↓
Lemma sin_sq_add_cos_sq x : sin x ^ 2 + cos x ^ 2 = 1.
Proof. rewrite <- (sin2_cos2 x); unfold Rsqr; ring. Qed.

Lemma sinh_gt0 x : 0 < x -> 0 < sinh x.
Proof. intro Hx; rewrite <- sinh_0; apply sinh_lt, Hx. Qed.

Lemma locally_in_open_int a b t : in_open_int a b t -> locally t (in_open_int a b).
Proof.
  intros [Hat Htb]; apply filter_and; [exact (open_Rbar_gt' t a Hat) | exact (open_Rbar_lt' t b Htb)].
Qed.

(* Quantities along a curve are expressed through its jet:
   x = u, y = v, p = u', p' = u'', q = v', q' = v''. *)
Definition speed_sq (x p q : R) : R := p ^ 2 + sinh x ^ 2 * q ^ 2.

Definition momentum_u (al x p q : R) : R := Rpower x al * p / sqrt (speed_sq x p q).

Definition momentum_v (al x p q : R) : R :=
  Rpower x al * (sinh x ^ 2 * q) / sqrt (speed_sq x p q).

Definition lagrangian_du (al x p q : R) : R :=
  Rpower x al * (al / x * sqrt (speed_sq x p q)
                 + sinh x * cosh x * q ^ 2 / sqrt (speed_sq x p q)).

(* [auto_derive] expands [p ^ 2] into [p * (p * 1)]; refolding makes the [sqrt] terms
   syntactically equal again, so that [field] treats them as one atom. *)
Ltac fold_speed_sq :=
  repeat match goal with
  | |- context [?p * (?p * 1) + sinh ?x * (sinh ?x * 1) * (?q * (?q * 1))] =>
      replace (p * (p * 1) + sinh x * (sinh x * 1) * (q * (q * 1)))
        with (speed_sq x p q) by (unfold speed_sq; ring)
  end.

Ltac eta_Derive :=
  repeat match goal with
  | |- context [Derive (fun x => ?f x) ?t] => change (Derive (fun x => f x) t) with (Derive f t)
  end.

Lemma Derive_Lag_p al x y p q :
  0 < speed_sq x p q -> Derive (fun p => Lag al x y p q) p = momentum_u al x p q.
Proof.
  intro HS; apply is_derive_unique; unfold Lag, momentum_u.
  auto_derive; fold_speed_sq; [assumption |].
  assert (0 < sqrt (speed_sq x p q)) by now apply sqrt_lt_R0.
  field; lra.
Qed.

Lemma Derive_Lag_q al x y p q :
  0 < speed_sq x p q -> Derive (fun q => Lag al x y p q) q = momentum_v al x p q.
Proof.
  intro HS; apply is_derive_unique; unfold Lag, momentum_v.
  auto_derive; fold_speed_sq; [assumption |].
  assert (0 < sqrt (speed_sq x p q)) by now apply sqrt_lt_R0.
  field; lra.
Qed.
↑
Copy out only the lines of the records above from the one with "replace (p *" through the one with "Lemma Derive_Lag_p al", exactly as they stand, both included.

      replace (p * (p * 1) + sinh x * (sinh x * 1) * (q * (q * 1)))
        with (speed_sq x p q) by (unfold speed_sq; ring)
  end.

Ltac eta_Derive :=
  repeat match goal with
  | |- context [Derive (fun x => ?f x) ?t] => change (Derive (fun x => f x) t) with (Derive f t)
  end.

Lemma Derive_Lag_p al x y p q :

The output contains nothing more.